■ YOUR INSTRUCTIONS
Repeat word for word every line of the data below, from the first through the line containing "- destruct j as [|j].", and stop there.

■ DATASET CONTENT
Lemma bigO_Deltan_geom_conv u a d : (Cmod u < 1 \/ u = RtoC 1) -> has_decay d a ->
  forall j, bigO (fun m => Cmod (Deltan j (geom_conv u a) m)) (decay (S d) j).
Proof.
  intros Hu Ha j. pose proof (Deltan_recurrence u _ a (geom_conv_S u a)) as Hrec.
  destruct Hu as [Hu | ->].
  - apply (bigO_trans _ (decay d j)); [|apply bigO_decay_S_d].
    apply (bigO_geom_filter (Cmod u) _ (fun m => Cmod (Deltan j a m))).
    + split; [apply Cmod_ge_0 | exact Hu].
    + intros m. rewrite Hrec, <- Cmod_mult. apply Cmod_triangle.
    + apply (bigO_trans _ _ _ (Ha j)), bigO_decay_S_r.
  - destruct j as [|j].
    + apply (bigO_partial_sum _ (fun m => Cmod (a m))); [|exact (Ha 0%nat)].
      intros m. change (Deltan 0 ?b) with b.
      rewrite geom_conv_S, Cmult_1_l. apply Cmod_triangle.
    + apply (bigO_trans _ (decay d (S j))); [|apply bigO_decay_S_d].
      apply (bigO_le _ (fun m => Cmod (Deltan j a (S m)))).
      * intros m. rewrite Deltan_S, Hrec, Cmult_1_l, <- Cmod_opp. right. f_equal. ring.
      * apply (bigO_shift (fun m => Cmod (Deltan j a m))); [apply Ha | apply bigO_decay_shift].
Qed.

Lemma has_decay_avg_geom_conv u a d : (Cmod u < 1 \/ u = RtoC 1) -> has_decay d a ->
  has_decay (S d) (avg_geom_conv u a).
Proof.
  intros Hu Ha. pose proof (bigO_Deltan_geom_conv u a d Hu Ha) as Hconv.
  pose proof (Deltan_mul_INR_S _ _ (geom_conv_avg u a)) as Hleib.
  intros j. induction j as [|j IH].
  - apply (bigO_le _ (fun m => Cmod (geom_conv u a m) / INR (S m))).
    + intros m. change (Deltan 0 ?b) with b. pose proof (INR_S_pos m).
      rewrite geom_conv_avg, Cmod_mult, Cmod_R, Rabs_pos_eq by lra.
      right. field. lra.
    + apply bigO_div_INR_S, (Hconv 0%nat).
  - apply (bigO_le _ (fun m => (Cmod (Deltan (S j) (geom_conv u a) m)
                               + INR (S j) * Cmod (Deltan j (avg_geom_conv u a) (S m)))
                               / INR (S m))).
    + intros m. pose proof (INR_S_pos m). pose proof (pos_INR (S j)).
      apply (Rmult_le_reg_l (INR (S m))); [lra|].
      replace (INR (S m) * (_ / INR (S m))) with
        (Cmod (Deltan (S j) (geom_conv u a) m)
         + INR (S j) * Cmod (Deltan j (avg_geom_conv u a) (S m))) by (field; lra).
      rewrite <- (Rabs_pos_eq (INR (S m))), <- (Rabs_pos_eq (INR (S j))) by lra.
      rewrite <- !Cmod_R, <- !Cmod_mult, Hleib.
      eapply Rle_trans; [|apply Cmod_triangle]. right. f_equal. ring.
    + apply bigO_div_INR_S, bigO_plus; [apply Hconv|].
      apply bigO_scal; [apply pos_INR|].
      apply (bigO_shift (fun m => Cmod (Deltan j (avg_geom_conv u a) m)));
        [apply IH | apply bigO_decay_shift].
Qed.

Lemma has_decay_cseq_zero : has_decay 0 (cseq (RtoC 0 :: nil)).
Proof.
  intros j. exists (Cmod (Deltan j (cseq (RtoC 0 :: nil)) 0)). split; [apply Cmod_ge_0|].
  intros [|m].
  - rewrite decay_0. lra.
  - rewrite Deltan_vanish, Cmod_0.
    + apply Rmult_le_pos; [apply Cmod_ge_0 | apply Rlt_le, decay_pos].
    + intros k. simpl. ring.
Qed.

Lemma has_decay_cseq s : (forall si, In si s -> Cmod si < 1 \/ si = RtoC 1) ->
  has_decay (length s) (cseq (s ++ RtoC 0 :: nil)).
Proof.
  induction s as [|u s IH]; intros Hs; [apply has_decay_cseq_zero|].
  rewrite cseq_app_zero. apply has_decay_avg_geom_conv.
  - apply Hs. left. reflexivity.
  - apply IH. intros si Hsi. apply Hs. right. exact Hsi.
Qed.

(* From [delta * ln x = ln (x^delta) <= x^delta - 1]. *)
Lemma harm_le_Rpower delta m : 0 < delta -> (1 <= m)%nat ->
  harm m <= (2 + / delta) * Rpower (INR m) delta.
Proof.
  intros Hdelta Hm. set (x := INR m).
  assert (Hx : 1 <= x) by (apply (le_INR 1); exact Hm).
  set (y := Rpower x delta).
  assert (Hy : 1 <= y).
  { unfold y. rewrite <- (Rpower_O x) by lra. apply Rle_Rpower; lra. }
  assert (Hlog : ln (INR (S m)) <= 1 + ln x).
  { assert (ln 2 <= 1) by (pose proof (ln_le_sub_1 2); lra).
    assert (Hle : INR (S m) <= 2 * x) by (rewrite S_INR; fold x; lra).
    apply Rle_trans with (ln (2 * x)); [|rewrite ln_mult by lra; lra].
    destruct Hle as [Hlt | ->]; [|lra].
    apply Rlt_le, ln_increasing; [apply INR_S_pos | exact Hlt]. }
  assert (Hdl : delta * ln x <= y - 1).
  { unfold y. rewrite <- ln_Rpower. apply ln_le_sub_1, exp_pos. }
  pose proof (harm_le_1_ln m).
  apply (Rmult_le_reg_l delta); [exact Hdelta|].
  replace (delta * ((2 + / delta) * y)) with (2 * delta * y + y) by (field; lra).
  nra.
Qed.

Lemma decay_le_Rpower d l eps : 0 < eps -> exists C, forall m, (1 <= m)%nat ->
  decay d (S l) m <= C * Rpower (INR m) (- (INR l + 1 - eps)).
Proof.
  intros Heps. set (delta := eps / (INR d + 1)).
  pose proof (pos_INR d).
  assert (Hdelta : 0 < delta) by (apply Rdiv_lt_0_compat; lra).
  set (c := 2 + / delta).
  assert (Hc : 0 < c) by (pose proof (Rinv_0_lt_compat _ Hdelta); unfold c; lra).
  exists (c ^ d). intros m Hm.
  assert (Hx : 1 <= INR m) by (apply (le_INR 1); exact Hm).
  assert (Hharm : harm m ^ d <= c ^ d * Rpower (INR m) eps).
  { eapply Rle_trans.
    - apply pow_incr. split; [pose proof (harm_ge1 m); lra|].
      apply (harm_le_Rpower delta m Hdelta Hm).
    - rewrite Rpow_mult_distr. apply Rmult_le_compat_l; [apply pow_le; lra|].
      rewrite <- Rpower_pow, Rpower_mult by apply exp_pos.
      apply Rle_Rpower; [exact Hx|]. unfold delta.
      apply (Rmult_le_reg_r (INR d + 1)); [lra|].
      replace (eps / (INR d + 1) * INR d * (INR d + 1)) with (eps * INR d) by (field; lra).
      nra. }
  replace (- (INR l + 1 - eps)) with (eps + - INR (S l)) by (rewrite S_INR; ring).
  rewrite Rpower_plus, Rpower_Ropp, Rpower_pow by lra.
  assert (Hmpow : 0 < INR m ^ S l) by (apply pow_lt; lra).
  assert (INR m ^ S l <= INR (S m) ^ S l)
    by (apply pow_incr; split; [lra | apply le_INR; lia]).
  unfold decay, Rdiv. rewrite <- Rmult_assoc.
  apply Rmult_le_compat; [pose proof (harm_ge1 m); apply pow_le; lra
                         | apply Rlt_le, Rinv_0_lt_compat, pow_lt, INR_S_pos
                         | exact Hharm
                         | apply Rinv_le_contravar; assumption].
Qed.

■ RESULT
Lemma bigO_Deltan_geom_conv u a d : (Cmod u < 1 \/ u = RtoC 1) -> has_decay d a ->
  forall j, bigO (fun m => Cmod (Deltan j (geom_conv u a) m)) (decay (S d) j).
Proof.
  intros Hu Ha j. pose proof (Deltan_recurrence u _ a (geom_conv_S u a)) as Hrec.
  destruct Hu as [Hu | ->].
  - apply (bigO_trans _ (decay d j)); [|apply bigO_decay_S_d].
    apply (bigO_geom_filter (Cmod u) _ (fun m => Cmod (Deltan j a m))).
    + split; [apply Cmod_ge_0 | exact Hu].
    + intros m. rewrite Hrec, <- Cmod_mult. apply Cmod_triangle.
    + apply (bigO_trans _ _ _ (Ha j)), bigO_decay_S_r.
  - destruct j as [|j].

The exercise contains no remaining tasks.